La sculpture en ivoire au début du XIIIe siècle, d’un monde à l’autre
Dany Sandron
Dany Sandron, "La sculpture en ivoire au début du XIIIe siècle, d’un monde à l’autre", dans Revue de l’Art, année 1993, volume 102, numéro 1, p. 48-59.
Extrait de l’article
Dans l’histoire de la sculpture gothique, les ivoires tiennent une place de choix. A partir du milieu du XIIIe siècle se multiplient les chefs-d’œuvre dans un matériau goûté par les meilleurs artistes de l’époque. Les grandes statuettes de Vierges à l’Enfant, celles provenant des trésors de la Sainte-Chapelle ou de Saint-Denis, les célèbres groupes du Louvre, la Descente de croix ou le couronnement de la Vierge pour ne citer qu’eux, témoignent avec éloquence d’un art parvenu à sa pleine maturité.
Œuvres parisiennes fécondées par la vitalité des chantiers de sculpture monumentale, elles égalent en qualité les apôtres de la Sainte-Chapelle ou les sculptures du transept de Notre-Dame. Il est d’ailleurs plus que probable que les mêmes artistes aient alors travaillé indifféremment des matériaux comme la pierre, l’ivoire ou le bois, ce qui expliquerait en partie l’absence de témoignages documentés précis sur l’ivoirerie parisienne avant le XIVe siècle.

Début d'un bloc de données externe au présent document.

Lemma u_le_y2 (lam kr u y1 y2 y3 : R) : 0 < lam -> lam <= 1/2 -> 1 <= kr -> 0 < y2 ->
  (y1 - u) + (y1 - y2) = lam * y1 -> kr * (y2 - y1) + (y2 - y3) = lam * y2 ->
  y2 <= y3 -> u <= y2.
Proof.
move=> l0 l1 k1 y20 eq_y1 eq_y2 y23.
have e1 : kr * y1 <= (kr - lam) * y2 by rewrite mulrBl; move: eq_y2; rewrite mulrBr; lra.
have e2 : (2 - lam) * y1 = u + y2 by rewrite mulrBl; move: eq_y1; lra.
have e3 : kr * (u + y2) <= (2 - lam) * ((kr - lam) * y2).
  by rewrite -e2 mulrA (mulrC kr) -mulrA ler_wpM2l //; lra.
have e4 : (2 - lam) * (kr - lam) <= 2 * kr.
  have : 0 <= lam * (2 + kr - lam) by apply: mulr_ge0; lra.
  have -> : (2 - lam) * (kr - lam) = 2 * kr - lam * (2 + kr - lam) by ring.
  lra.
have e5 : (2 - lam) * ((kr - lam) * y2) <= kr * (y2 + y2).
  rewrite mulrA (_ : kr * (y2 + y2) = 2 * kr * y2); last by ring.
  by rewrite ler_wpM2r // ltW.
have := le_trans e3 e5; rewrite ler_pM2l; lra.
Qed.

Lemma arm_drop_lt (lam kr u v y1 y2 y3 y4 : R) :
  0 < lam -> lam <= 1/2 -> 1 <= kr -> 0 < y2 -> 0 < y3 -> 0 < y4 ->
  (y1 - u) + (y1 - y2) = lam * y1 -> kr * (y2 - y1) + (y2 - y3) = lam * y2 ->
  kr * (y3 - y4) + (y3 - y2) = lam * y3 -> (y4 - y3) + (y4 - v) = lam * y4 ->
  y4 <= v -> kr * (v - y4) < v - u.
Proof.
move=> l0 l1 k1 y20 y30 y40 eq_y1 eq_y2 eq_y3 eq_y4 y4v.
have d4 : v - y4 <= y4 - y3 by have := mulr_gt0 l0 y40; move: eq_y4; lra.
have d3 : kr * (y4 - y3) < y3 - y2.
  have : y3 - y2 = lam * y3 + kr * (y4 - y3) by move: eq_y3; rewrite !mulrBr; lra.
  by have := mulr_gt0 l0 y30; lra.
have d34 : kr * (v - y4) <= kr * (y4 - y3) by rewrite ler_wpM2l //; lra.
have : u <= y2.
  apply: (u_le_y2 l0 l1 k1 y20 eq_y1 eq_y2).
  have : 0 <= kr * (v - y4) by apply: mulr_ge0; lra.
  lra.
lra.
Qed.

(* If [v <= xl], the flux [lam v + lam T q] into [v] must enter through the
   [y]-arms, whose drop is less than [v - u]; this contradicts [v - u <= lam C u]. *)
Lemma xl_lt_v (lam kr u v y4 q xl Tr C : R) :
  0 < lam -> 1 <= kr -> 0 < v -> 0 < q -> 0 <= Tr -> 0 <= C ->
  kr * (v - xl) + kr * (v - y4) + Tr * (v - q) = lam * v -> q - v = lam * q ->
  (y4 <= v -> kr * (v - y4) < v - u) ->
  (v <= xl -> v - u <= lam * C * u) -> C <= Tr -> xl < v.
Proof.
move=> l0 k1 v0 q0 T0 C0 eq_v eq_q arm_drop drop_uv CT.
rewrite ltNge; apply/negP => vxl.
have vq : v <= q by have := mulr_gt0 l0 q0; move: eq_q; lra.
have flux : kr * (v - y4) = lam * v + lam * (Tr * q) + kr * (xl - v).
  have : Tr * (q - v) = lam * (Tr * q) by rewrite eq_q; ring.
  by move: eq_v; rewrite !mulrBr; lra.
have p1 : 0 <= kr * (xl - v) by rewrite mulr_ge0 //; lra.
have p2 : lam * (Tr * v) <= lam * (Tr * q) by rewrite !ler_wpM2l // ltW.
have p3 : 0 < lam * v by rewrite mulr_gt0.
have p4 : 0 <= lam * (Tr * v) by rewrite !mulr_ge0 // ltW.
have drop_v : lam * (Tr * v) < v - u.
  have y4v : y4 <= v.
    have : 0 < kr * (v - y4) by lra.
    rewrite pmulr_rgt0; lra.
  have := arm_drop y4v; lra.
have drop_C : v - u <= lam * (C * v).
  rewrite mulrA; apply: le_trans (drop_uv vxl) _.
  apply: ler_wpM2l; [apply: mulr_ge0; lra | lra].
have : lam * (C * v) <= lam * (Tr * v).
  by apply: ler_wpM2l; [lra | apply: ler_wpM2r; lra].
lra.
Qed.

Lemma pendant_count_ge (kr Tr nr t : R) : 0 <= nr -> 1 <= kr ->
  Tr <= t * kr -> nr + 2 * nr * t + 2 * nr ^+ 2 <= Tr ->
  nr * (1 + 2 * Tr) + 2 * kr * nr ^+ 2 <= kr * Tr.
Proof.
move=> n0 k1 Tk TC.
have H1 : nr * Tr <= nr * (t * kr) by rewrite ler_wpM2l.
have H2 : nr * 1 <= nr * kr by rewrite ler_wpM2l.
have H3 : kr * (nr + 2 * nr * t + 2 * nr ^+ 2) <= kr * Tr by rewrite ler_wpM2l //; lra.
have -> : nr * (1 + 2 * Tr) + 2 * kr * nr ^+ 2 =
  kr * (nr + 2 * nr * t + 2 * nr ^+ 2) - (nr * kr - nr * 1) - 2 * (nr * (t * kr) - nr * Tr).
  by ring.
lra.
Qed.

Lemma flux_ge_pendants (lam kr v Tr nr t Phi : R) :
  0 < lam -> 0 < v -> 1 <= kr -> 0 <= nr ->
  lam * v * Tr <= Phi -> Phi <= lam * v * (1 + 2 * Tr) ->
  Tr <= t * kr -> nr + 2 * nr * t + 2 * nr ^+ 2 <= Tr ->
  nr * Phi + 2 * kr * (lam * nr ^+ 2 * v) <= kr * Phi.
Proof.
move=> l0 v0 k1 n0 P1 P2 Tk TC.
have lv0 : 0 <= lam * v by rewrite mulr_ge0 // ltW.
have := ler_wpM2l lv0 (pendant_count_ge n0 k1 Tk TC).
have : nr * Phi <= nr * (lam * v * (1 + 2 * Tr)) by rewrite ler_wpM2l.
have : kr * (lam * v * Tr) <= kr * Phi by rewrite ler_wpM2l //; lra.
rewrite (_ : lam * v * (nr * (1 + 2 * Tr) + 2 * kr * nr ^+ 2) =
  nr * (lam * v * (1 + 2 * Tr)) + 2 * kr * (lam * nr ^+ 2 * v)); last by ring.
rewrite (_ : lam * v * (kr * Tr) = kr * (lam * v * Tr)); last by ring.
lra.
Qed.

(* If [y4 <= xl], both drops at [v] are at least [v - xl], so the flux [Phi]
   into [v] satisfies [k Phi < 2 k (v - u)], which is at most about [nr Phi]; but
   [Phi] is of order [lam v T] and [T] is large compared to [nr t]. *)
Lemma xl_lt_y4 (lam kr u v y4 q xl Tr nr t : R) :
  0 < lam -> lam <= 1/2 -> 1 <= kr -> 0 < v -> 0 < q -> 0 <= Tr -> 0 <= nr ->
  kr * (v - xl) + kr * (v - y4) + Tr * (v - q) = lam * v -> q - v = lam * q ->
  (y4 <= v -> kr * (v - y4) < v - u) -> xl < v ->
  v - u <= nr * (v - xl) + lam * nr ^+ 2 * v ->
  Tr <= t * kr -> nr + 2 * nr * t + 2 * nr ^+ 2 <= Tr -> xl < y4.
Proof.
move=> l0 l1 k1 v0 q0 T0 n0 eq_v eq_q arm_drop xlv drop_uv Tk TC.
rewrite ltNge; apply/negP => y4xl.
have vq : v <= q by have := mulr_gt0 l0 q0; move: eq_q; lra.
have q2v : q <= 2 * v.
  have : lam * q <= 1/2 * q by rewrite ler_wpM2r //; lra.
  by move: eq_q; lra.
set Phi := lam * v + lam * (Tr * q).
have flux : kr * (v - xl) + kr * (v - y4) = Phi.
  have : Tr * (q - v) = lam * (Tr * q) by rewrite eq_q; ring.
  by move: eq_v; rewrite /Phi !mulrBr; lra.
have d1 : kr * (v - xl) <= kr * (v - y4) by rewrite ler_wpM2l //; lra.
have d0 : 0 < kr * (v - xl) by rewrite mulr_gt0 //; lra.
have Phi_lt : Phi < 2 * (v - u) by have := arm_drop ltac:(lra); lra.
have h1 : kr * Phi < kr * (2 * (v - u)) by rewrite ltr_pM2l //; lra.
have h2 : kr * (2 * (v - u)) <= kr * (2 * (nr * (v - xl) + lam * nr ^+ 2 * v)).
  by rewrite ler_wpM2l //; lra.
have h3 : nr * (2 * (kr * (v - xl))) <= nr * Phi by rewrite ler_wpM2l //; lra.
have P1 : lam * v * Tr <= Phi.
  have : lam * (Tr * v) <= lam * (Tr * q) by rewrite !ler_wpM2l // ltW.
  rewrite /Phi (_ : lam * v * Tr = lam * (Tr * v)); last by ring.
  by have := mulr_gt0 l0 v0; lra.
have P2 : Phi <= lam * v * (1 + 2 * Tr).
  have : lam * (Tr * q) <= lam * (Tr * (2 * v)) by rewrite !ler_wpM2l // ltW.
  rewrite /Phi (_ : lam * v * (1 + 2 * Tr) = lam * v + lam * (Tr * (2 * v))); last by ring.
  lra.
have := flux_ge_pendants l0 v0 k1 n0 P1 P2 Tk TC.
rewrite (_ : kr * (2 * (nr * (v - xl) + lam * nr ^+ 2 * v)) =
  nr * (2 * (kr * (v - xl))) + 2 * kr * (lam * nr ^+ 2 * v)) in h2; last by ring.
lra.
Qed.

End BalanceInequalities.

Section OrdinalSums.
Variable M : nmodType.

Lemma sum_ord_val_eq n (F : 'I_n.+1 -> M) m :
  \sum_(i < n.+1) (if val i == m then F i else 0) =
  if (m < n.+1)%N then F (inord m) else 0.
Proof.
case: ifP => Hm.
  rewrite -big_mkcond (big_pred1 (inord m)) // => i /=.
  by apply/eqP/eqP => [<-|->]; [rewrite inord_val | rewrite inordK].
by rewrite big1 // => i _; case: eqP => // E; move: (ltn_ord i); rewrite E Hm.
Qed.

Lemma sum_ord_eq_or n (G : 'I_n -> M) r (A B : bool) :
  \sum_(r0 < n) (if (r == r0) && A || (r0 == r) && B then G r0 else 0) =
  if A || B then G r else 0.
Proof.
rewrite (bigD1 r) //= eqxx /= big1 ?addr0 // => r0 /negbTE ne.
by rewrite [r == r0]eq_sym ne.
Qed.
Section Words.
Variables d N : nat.
Implicit Types u v w q mu nu : mword d N.

Definition mcat u v : mword d N := [ffun i => u i ++ v i].
Definition mempty : mword d N := [ffun => [::]].
Definition delta (i : 'I_N) (k : 'I_d) : mword d N :=
  [ffun j => if j == i then [:: k] else [::]].
Definition mlen_le u (n : 'I_N -> nat) := forall i, size (u i) <= n i.
Definition subword v u := exists w q, u = mcat (mcat w v) q.

Lemma mcatA u v w : mcat (mcat u v) w = mcat u (mcat v w).
Proof. by apply/ffunP => i; rewrite !ffunE catA. Qed.

Definition factorial_language (L : mword d N -> Prop) :=
  (forall i : 'I_N, exists k : 'I_d, L (delta i k)) /\
  (forall u v, L u -> subword v u -> L v).

Definition sim_n (L : mword d N -> Prop) (n : 'I_N -> nat) mu nu :=
  forall w, mlen_le w n -> (L (mcat w mu) <-> L (mcat w nu)).
Definition sim (L : mword d N -> Prop) mu nu :=
  forall w, L (mcat w mu) <-> L (mcat w nu).

Definition sofic (L : mword d N -> Prop) :=
  exists m : 'I_N -> nat, forall n : 'I_N -> nat, (forall i, m i <= n i) ->
    forall mu nu, L mu -> L nu -> (sim_n L n mu nu <-> sim L mu nu).

(** follower set of mu; [mu] = [nu] iff follower mu = follower nu, so a
    vertex of Omega = L/~ is represented by the follower set of any of
    its representatives. *)
Definition follower (L : mword d N -> Prop) mu : mword d N -> Prop :=
  fun w => L (mcat w mu).

Definition Omega (L : mword d N -> Prop) :=
  {F : mword d N -> Prop | exists mu, L mu /\ F = follower L mu}.

(** edge of colour i labeled delta_i(k) with source [mu], defined iff
    delta_i(k) * mu \in L, i.e. iff delta_i(k) lies in the follower set. *)
Record fedge (L : mword d N -> Prop) := FEdge {
  fe_src : Omega L;
  fe_col : 'I_N;
  fe_letter : 'I_d;
  fe_ok : sval fe_src (delta fe_col fe_letter) }.

Lemma fe_range_proof (L : mword d N -> Prop) (e : fedge L) :
  exists mu, L mu /\
    (fun w => sval (fe_src e) (mcat w (delta (fe_col e) (fe_letter e))))
    = follower L mu.
Proof.
case: e => [[F HF] i k] /= ok.
case: HF => mu [Lmu EF]; subst F.
exists (mcat (delta i k) mu); split; first by [].
by apply: functional_extensionality => w; rewrite /follower mcatA.
Qed.

(** range of the edge: [delta_i(k) * mu] *)
Definition fe_rng (L : mword d N -> Prop) (e : fedge L) : Omega L :=
  exist _ _ (fe_range_proof e).

Definition fe_lab (L : mword d N -> Prop) (e : fedge L) : mword d N :=
  delta (fe_col e) (fe_letter e).

(** e_1 e_2 ... e_n is a path (composition right to left):
    s(e_j) = r(e_{j+1}) *)
Fixpoint fpath_ok (L : mword d N -> Prop) (es : seq (fedge L)) : Prop :=
  match es with
  | e :: ((e' :: _) as t) => fe_src e = fe_rng e' /\ fpath_ok t
  | _ => True
  end.

Definition path_label (L : mword d N -> Prop) (es : seq (fedge L)) :=
  foldr (fun e acc => mcat (fe_lab e) acc) mempty es.

(** labeled path space of the follower set graph: labels of vertices
    (empty paths) and of nonempty edge paths.  Since the equivalence
    defining Lambda preserves labels, these are exactly the labels of
    the morphisms of Lambda. *)
Definition follower_path_space (L : mword d N -> Prop) (u : mword d N) :=
  (exists v : Omega L, u = mempty) \/
  (exists es : seq (fedge L), es <> [::] /\ fpath_ok es /\ u = path_label es).

End Words.

Record labeled_hrgraph (d N : nat) := LHRGraph {
  Obj : Type;
  Mor : Type;
  hr : Mor -> Obj;
  hs : Mor -> Obj;
  hid : Obj -> Mor;
  hcomp : Mor -> Mor -> Mor; (* hcomp f g = f g, meaningful if hs f = hr g *)
  hdeg : Mor -> 'I_N -> nat;
  hlab : Mor -> mword d N;
  mor_countable : exists c : Mor -> nat, injective c;
  hs_id : forall v, hs (hid v) = v;
  hr_id : forall v, hr (hid v) = v;
  hr_comp : forall f g, hs f = hr g -> hr (hcomp f g) = hr f;
  hs_comp : forall f g, hs f = hr g -> hs (hcomp f g) = hs g;
  hcomp_id_l : forall f, hcomp (hid (hr f)) f = f;
  hcomp_id_r : forall f, hcomp f (hid (hs f)) = f;
  hcompA : forall f g h, hs f = hr g -> hs g = hr h ->
     hcomp f (hcomp g h) = hcomp (hcomp f g) h;
  hdeg_id : forall v i, hdeg (hid v) i = 0;
  hdeg_comp : forall f g, hs f = hr g ->
     forall i, hdeg (hcomp f g) i = hdeg f i + hdeg g i;
  unique_fact : forall (l : Mor) (m n : 'I_N -> nat),
     (forall i, hdeg l i = m i + n i) ->
     exists mu nu, [/\ hs mu = hr nu, l = hcomp mu nu,
                      (forall i, hdeg mu i = m i) & (forall i, hdeg nu i = n i)] /\
     forall mu' nu', hs mu' = hr nu' -> l = hcomp mu' nu' ->
        (forall i, hdeg mu' i = m i) -> (forall i, hdeg nu' i = n i) ->
        mu' = mu /\ nu' = nu;
  (* labeling: a functor into ((F_+^d)^N, * ) with |L(l)| = d(l);
     equivalently the multiplicative extension of an edge labeling with
     L(e) = delta_i(k) for e of colour i *)
  hlab_id : forall v, hlab (hid v) = mempty d N;
  hlab_comp : forall f g, hs f = hr g -> hlab (hcomp f g) = mcat (hlab f) (hlab g);
  hlab_deg : forall f i, size (hlab f i) = hdeg f i
}.

Definition finitely_many_vertices d N (G : labeled_hrgraph d N) :=
  exists (n : nat) (f : 'I_n -> Obj G), forall v : Obj G, exists i, f i = v.

Definition labeled_path_space d N (G : labeled_hrgraph d N) (u : mword d N) :=
  exists l : Mor G, u = hlab l.

(* A path of the follower set graph with label l that starts at the vertex [mu]
   ends at [l mu]; since every vertex's follower set contains the empty word,
   every path label is a prefix of a word of the language.  Conversely a
   nonempty word u of the language is the label of a path ending at [u], built
   by peeling off one letter at a time.

   For a labeled higher rank graph, unique factorization splits a path with
   label w mu into paths with labels w and mu, so the follower set of mu only
   depends on the set of vertices at which paths labeled mu end.  With finitely
   many vertices there are finitely many follower sets, and a single length
   bound m bounds a witness of every difference between two of them, whence
   ~_n = ~ for all n >= m. *)

From Stdlib Require Import Classical ClassicalEpsilon FunctionalExtensionality.
From mathcomp Require Import all_boot.
Set Implicit Arguments. Unset Strict Implicit. Unset Printing Implicit Defensive.

Section Words.
Variables d N : nat.
Implicit Types u v w mu : mword d N.

Lemma mcat0m u : mcat (mempty d N) u = u.
Proof. by apply/ffunP => i; rewrite !ffunE. Qed.

Lemma mcatm0 u : mcat u (mempty d N) = u.
Proof. by apply/ffunP => i; rewrite !ffunE cats0. Qed.

Definition msize u := \sum_(j < N) size (u j).

Lemma mword_delta_decomp u : u <> mempty d N ->
  exists i k u', u = mcat (delta i k) u' /\ msize u' < msize u.
Proof.
move=> u_nz; have [i|u0] := pickP (fun j => u j != [::]); last first.
  by case: u_nz; apply/ffunP => j; rewrite ffunE; move: (u0 j); case: (u j).
case ui: (u i) => [|k s] // _.
exists i, k, [ffun j => if j == i then s else u j]; split.
  by apply/ffunP => j; rewrite !ffunE; case: (j =P i) => [->|].
rewrite /msize (bigD1 i) //= [X in _ < X](bigD1 i) //= ffunE eqxx ui addSn ltnS.
by rewrite leq_add2l; apply/eq_leq/eq_bigr => j /negbTE ji; rewrite ffunE ji.
Qed.

Lemma uniform_witness_bound (T : finType) (D : T -> mword d N -> Prop) :
  exists m, forall p, (exists w, D p w) -> exists w, D p w /\ mlen_le w m.
Proof.
have [wit witP] : exists wit, forall p, (exists w, D p w) -> D p (wit p).
  apply: (choice (fun p w => (exists w, D p w) -> D p w)) => p.
  case: (classic (exists w, D p w)) => [[w Dw]|noD]; first by exists w.
  by exists (mempty d N) => /noD.
exists (fun j => \max_p size (wit p j)) => p /witP Dp.
by exists (wit p); split => // j; apply: (leq_bigmax_cond p).
Qed.

Section Language.
Variable L : mword d N -> Prop.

On conserve un certain nombre de pièces précédant la pleine floraison de l’ivoirerie parisienne. Parmi elles, cinq, regroupées récemment, ont été attribuées au nord de la France et datées des environs de 1240. Qu’en est-il de la période immédiatement antérieure ? On a longtemps soutenu qu’il y avait eu sinon un arrêt, au moins une transition difficile à reconstituer dans la production de sculpture sur ivoire au début du XIIIe siècle, entre les derniers reliefs romans et ces statuettes en ronde-bosse.